Stored data:
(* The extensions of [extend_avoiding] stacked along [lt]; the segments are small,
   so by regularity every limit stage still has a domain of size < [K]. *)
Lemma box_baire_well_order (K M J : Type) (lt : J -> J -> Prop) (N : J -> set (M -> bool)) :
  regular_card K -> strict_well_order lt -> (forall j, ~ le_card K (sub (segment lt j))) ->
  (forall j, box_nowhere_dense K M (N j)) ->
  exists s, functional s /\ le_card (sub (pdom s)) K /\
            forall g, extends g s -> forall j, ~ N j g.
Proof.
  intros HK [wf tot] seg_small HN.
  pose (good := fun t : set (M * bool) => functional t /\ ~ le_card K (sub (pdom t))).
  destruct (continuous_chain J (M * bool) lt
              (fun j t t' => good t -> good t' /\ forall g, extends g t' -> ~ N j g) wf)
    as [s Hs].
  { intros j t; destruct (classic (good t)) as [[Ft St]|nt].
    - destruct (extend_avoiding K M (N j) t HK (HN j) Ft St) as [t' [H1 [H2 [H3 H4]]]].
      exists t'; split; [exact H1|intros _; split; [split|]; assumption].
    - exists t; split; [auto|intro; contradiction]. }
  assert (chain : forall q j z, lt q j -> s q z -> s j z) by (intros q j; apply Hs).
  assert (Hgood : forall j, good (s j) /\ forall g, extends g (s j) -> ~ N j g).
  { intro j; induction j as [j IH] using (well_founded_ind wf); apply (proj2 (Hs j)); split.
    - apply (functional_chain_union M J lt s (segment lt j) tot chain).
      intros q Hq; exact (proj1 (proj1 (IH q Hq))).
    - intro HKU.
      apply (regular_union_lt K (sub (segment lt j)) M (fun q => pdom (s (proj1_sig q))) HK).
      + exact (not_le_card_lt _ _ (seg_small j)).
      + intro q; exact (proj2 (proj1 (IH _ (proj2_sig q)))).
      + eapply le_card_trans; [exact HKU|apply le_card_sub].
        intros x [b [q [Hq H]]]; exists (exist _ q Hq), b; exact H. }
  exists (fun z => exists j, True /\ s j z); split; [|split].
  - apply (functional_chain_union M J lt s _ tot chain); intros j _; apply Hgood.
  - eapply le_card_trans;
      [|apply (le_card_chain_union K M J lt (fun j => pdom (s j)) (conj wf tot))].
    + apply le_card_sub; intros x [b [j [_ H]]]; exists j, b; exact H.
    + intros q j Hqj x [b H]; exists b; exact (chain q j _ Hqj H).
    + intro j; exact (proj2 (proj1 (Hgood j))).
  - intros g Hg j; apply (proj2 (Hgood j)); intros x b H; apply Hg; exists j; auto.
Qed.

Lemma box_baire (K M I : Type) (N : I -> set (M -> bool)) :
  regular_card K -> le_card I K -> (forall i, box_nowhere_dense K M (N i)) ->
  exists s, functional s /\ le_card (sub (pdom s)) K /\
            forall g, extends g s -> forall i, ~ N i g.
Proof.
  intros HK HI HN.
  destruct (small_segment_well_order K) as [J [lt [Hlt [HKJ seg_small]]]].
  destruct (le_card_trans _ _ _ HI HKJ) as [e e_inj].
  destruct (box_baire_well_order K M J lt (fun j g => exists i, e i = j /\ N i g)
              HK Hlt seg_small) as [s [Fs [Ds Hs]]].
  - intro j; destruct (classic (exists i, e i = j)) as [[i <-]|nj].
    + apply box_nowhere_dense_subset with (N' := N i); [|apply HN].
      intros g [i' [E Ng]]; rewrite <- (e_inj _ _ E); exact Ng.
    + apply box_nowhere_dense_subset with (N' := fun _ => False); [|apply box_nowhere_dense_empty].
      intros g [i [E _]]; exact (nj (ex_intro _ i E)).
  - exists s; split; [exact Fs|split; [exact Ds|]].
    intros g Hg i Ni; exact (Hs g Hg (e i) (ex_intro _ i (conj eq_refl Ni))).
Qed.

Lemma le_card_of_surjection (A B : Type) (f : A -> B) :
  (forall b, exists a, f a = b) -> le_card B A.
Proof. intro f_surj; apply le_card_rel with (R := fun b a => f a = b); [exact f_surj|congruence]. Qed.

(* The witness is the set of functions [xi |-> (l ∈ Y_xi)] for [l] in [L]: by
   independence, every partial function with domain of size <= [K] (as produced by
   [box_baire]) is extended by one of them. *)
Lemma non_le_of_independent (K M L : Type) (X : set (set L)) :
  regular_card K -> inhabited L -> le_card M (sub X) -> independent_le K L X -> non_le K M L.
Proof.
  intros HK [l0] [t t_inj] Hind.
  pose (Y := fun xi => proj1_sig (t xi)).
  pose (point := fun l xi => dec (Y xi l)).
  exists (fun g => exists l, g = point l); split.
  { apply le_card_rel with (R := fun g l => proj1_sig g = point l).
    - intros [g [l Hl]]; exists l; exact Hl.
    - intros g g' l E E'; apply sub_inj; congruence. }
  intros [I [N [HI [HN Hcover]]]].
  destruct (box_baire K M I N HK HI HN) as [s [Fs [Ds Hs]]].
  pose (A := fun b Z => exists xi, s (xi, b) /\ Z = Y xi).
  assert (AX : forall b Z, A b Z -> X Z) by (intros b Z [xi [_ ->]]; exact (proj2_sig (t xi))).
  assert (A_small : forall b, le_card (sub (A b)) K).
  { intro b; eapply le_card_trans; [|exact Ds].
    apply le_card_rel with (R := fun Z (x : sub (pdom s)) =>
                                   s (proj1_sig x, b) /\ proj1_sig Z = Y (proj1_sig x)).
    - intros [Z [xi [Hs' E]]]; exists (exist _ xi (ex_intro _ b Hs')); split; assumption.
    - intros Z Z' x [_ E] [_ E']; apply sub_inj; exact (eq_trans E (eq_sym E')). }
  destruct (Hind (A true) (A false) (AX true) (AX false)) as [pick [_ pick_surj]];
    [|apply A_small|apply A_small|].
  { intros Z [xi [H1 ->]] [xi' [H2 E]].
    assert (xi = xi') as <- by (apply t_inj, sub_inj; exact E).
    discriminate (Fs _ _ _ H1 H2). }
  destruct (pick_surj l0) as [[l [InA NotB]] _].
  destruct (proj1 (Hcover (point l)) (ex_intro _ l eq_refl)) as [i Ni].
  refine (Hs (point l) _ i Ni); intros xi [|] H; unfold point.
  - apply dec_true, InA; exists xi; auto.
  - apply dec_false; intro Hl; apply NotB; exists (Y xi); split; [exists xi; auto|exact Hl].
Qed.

» **TASK**:
Could you reproduce all of the entries above exactly?

» **ANSWER BELOW**:
(* The extensions of [extend_avoiding] stacked along [lt]; the segments are small,
   so by regularity every limit stage still has a domain of size < [K]. *)
Lemma box_baire_well_order (K M J : Type) (lt : J -> J -> Prop) (N : J -> set (M -> bool)) :
  regular_card K -> strict_well_order lt -> (forall j, ~ le_card K (sub (segment lt j))) ->
  (forall j, box_nowhere_dense K M (N j)) ->
  exists s, functional s /\ le_card (sub (pdom s)) K /\
            forall g, extends g s -> forall j, ~ N j g.
Proof.
  intros HK [wf tot] seg_small HN.
  pose (good := fun t : set (M * bool) => functional t /\ ~ le_card K (sub (pdom t))).
  destruct (continuous_chain J (M * bool) lt
              (fun j t t' => good t -> good t' /\ forall g, extends g t' -> ~ N j g) wf)
    as [s Hs].
  { intros j t; destruct (classic (good t)) as [[Ft St]|nt].
    - destruct (extend_avoiding K M (N j) t HK (HN j) Ft St) as [t' [H1 [H2 [H3 H4]]]].
      exists t'; split; [exact H1|intros _; split; [split|]; assumption].
    - exists t; split; [auto|intro; contradiction]. }
  assert (chain : forall q j z, lt q j -> s q z -> s j z) by (intros q j; apply Hs).
  assert (Hgood : forall j, good (s j) /\ forall g, extends g (s j) -> ~ N j g).
  { intro j; induction j as [j IH] using (well_founded_ind wf); apply (proj2 (Hs j)); split.
    - apply (functional_chain_union M J lt s (segment lt j) tot chain).
      intros q Hq; exact (proj1 (proj1 (IH q Hq))).
    - intro HKU.
      apply (regular_union_lt K (sub (segment lt j)) M (fun q => pdom (s (proj1_sig q))) HK).
      + exact (not_le_card_lt _ _ (seg_small j)).
      + intro q; exact (proj2 (proj1 (IH _ (proj2_sig q)))).
      + eapply le_card_trans; [exact HKU|apply le_card_sub].
        intros x [b [q [Hq H]]]; exists (exist _ q Hq), b; exact H. }
  exists (fun z => exists j, True /\ s j z); split; [|split].
  - apply (functional_chain_union M J lt s _ tot chain); intros j _; apply Hgood.
  - eapply le_card_trans;
      [|apply (le_card_chain_union K M J lt (fun j => pdom (s j)) (conj wf tot))].
    + apply le_card_sub; intros x [b [j [_ H]]]; exists j, b; exact H.
    + intros q j Hqj x [b H]; exists b; exact (chain q j _ Hqj H).
    + intro j; exact (proj2 (proj1 (Hgood j))).
  - intros g Hg j; apply (proj2 (Hgood j)); intros x b H; apply Hg; exists j; auto.
Qed.

Lemma box_baire (K M I : Type) (N : I -> set (M -> bool)) :
  regular_card K -> le_card I K -> (forall i, box_nowhere_dense K M (N i)) ->
  exists s, functional s /\ le_card (sub (pdom s)) K /\
            forall g, extends g s -> forall i, ~ N i g.
Proof.
  intros HK HI HN.
  destruct (small_segment_well_order K) as [J [lt [Hlt [HKJ seg_small]]]].
  destruct (le_card_trans _ _ _ HI HKJ) as [e e_inj].
  destruct (box_baire_well_order K M J lt (fun j g => exists i, e i = j /\ N i g)
              HK Hlt seg_small) as [s [Fs [Ds Hs]]].
  - intro j; destruct (classic (exists i, e i = j)) as [[i <-]|nj].
    + apply box_nowhere_dense_subset with (N' := N i); [|apply HN].
      intros g [i' [E Ng]]; rewrite <- (e_inj _ _ E); exact Ng.
    + apply box_nowhere_dense_subset with (N' := fun _ => False); [|apply box_nowhere_dense_empty].
      intros g [i [E _]]; exact (nj (ex_intro _ i E)).
  - exists s; split; [exact Fs|split; [exact Ds|]].
    intros g Hg i Ni; exact (Hs g Hg (e i) (ex_intro _ i (conj eq_refl Ni))).
Qed.

Lemma le_card_of_surjection (A B : Type) (f : A -> B) :
  (forall b, exists a, f a = b) -> le_card B A.
Proof. intro f_surj; apply le_card_rel with (R := fun b a => f a = b); [exact f_surj|congruence]. Qed.

(* The witness is the set of functions [xi |-> (l ∈ Y_xi)] for [l] in [L]: by
   independence, every partial function with domain of size <= [K] (as produced by
   [box_baire]) is extended by one of them. *)
Lemma non_le_of_independent (K M L : Type) (X : set (set L)) :
  regular_card K -> inhabited L -> le_card M (sub X) -> independent_le K L X -> non_le K M L.
Proof.
  intros HK [l0] [t t_inj] Hind.
  pose (Y := fun xi => proj1_sig (t xi)).
  pose (point := fun l xi => dec (Y xi l)).
  exists (fun g => exists l, g = point l); split.
  { apply le_card_rel with (R := fun g l => proj1_sig g = point l).
    - intros [g [l Hl]]; exists l; exact Hl.
    - intros g g' l E E'; apply sub_inj; congruence. }
  intros [I [N [HI [HN Hcover]]]].
  destruct (box_baire K M I N HK HI HN) as [s [Fs [Ds Hs]]].
  pose (A := fun b Z => exists xi, s (xi, b) /\ Z = Y xi).
  assert (AX : forall b Z, A b Z -> X Z) by (intros b Z [xi [_ ->]]; exact (proj2_sig (t xi))).
  assert (A_small : forall b, le_card (sub (A b)) K).
  { intro b; eapply le_card_trans; [|exact Ds].
    apply le_card_rel with (R := fun Z (x : sub (pdom s)) =>
                                   s (proj1_sig x, b) /\ proj1_sig Z = Y (proj1_sig x)).
    - intros [Z [xi [Hs' E]]]; exists (exist _ xi (ex_intro _ b Hs')); split; assumption.
    - intros Z Z' x [_ E] [_ E']; apply sub_inj; exact (eq_trans E (eq_sym E')). }
  destruct (Hind (A true) (A false) (AX true) (AX false)) as [pick [_ pick_surj]];
    [|apply A_small|apply A_small|].
  { intros Z [xi [H1 ->]] [xi' [H2 E]].
    assert (xi = xi') as <- by (apply t_inj, sub_inj; exact E).
    discriminate (Fs _ _ _ H1 H2). }
  destruct (pick_surj l0) as [[l [InA NotB]] _].
  destruct (proj1 (Hcover (point l)) (ex_intro _ l eq_refl)) as [i Ni].
  refine (Hs (point l) _ i Ni); intros xi [|] H; unfold point.
  - apply dec_true, InA; exists xi; auto.
  - apply dec_false; intro Hl; apply NotB; exists (Y xi); split; [exists xi; auto|exact Hl].
Qed.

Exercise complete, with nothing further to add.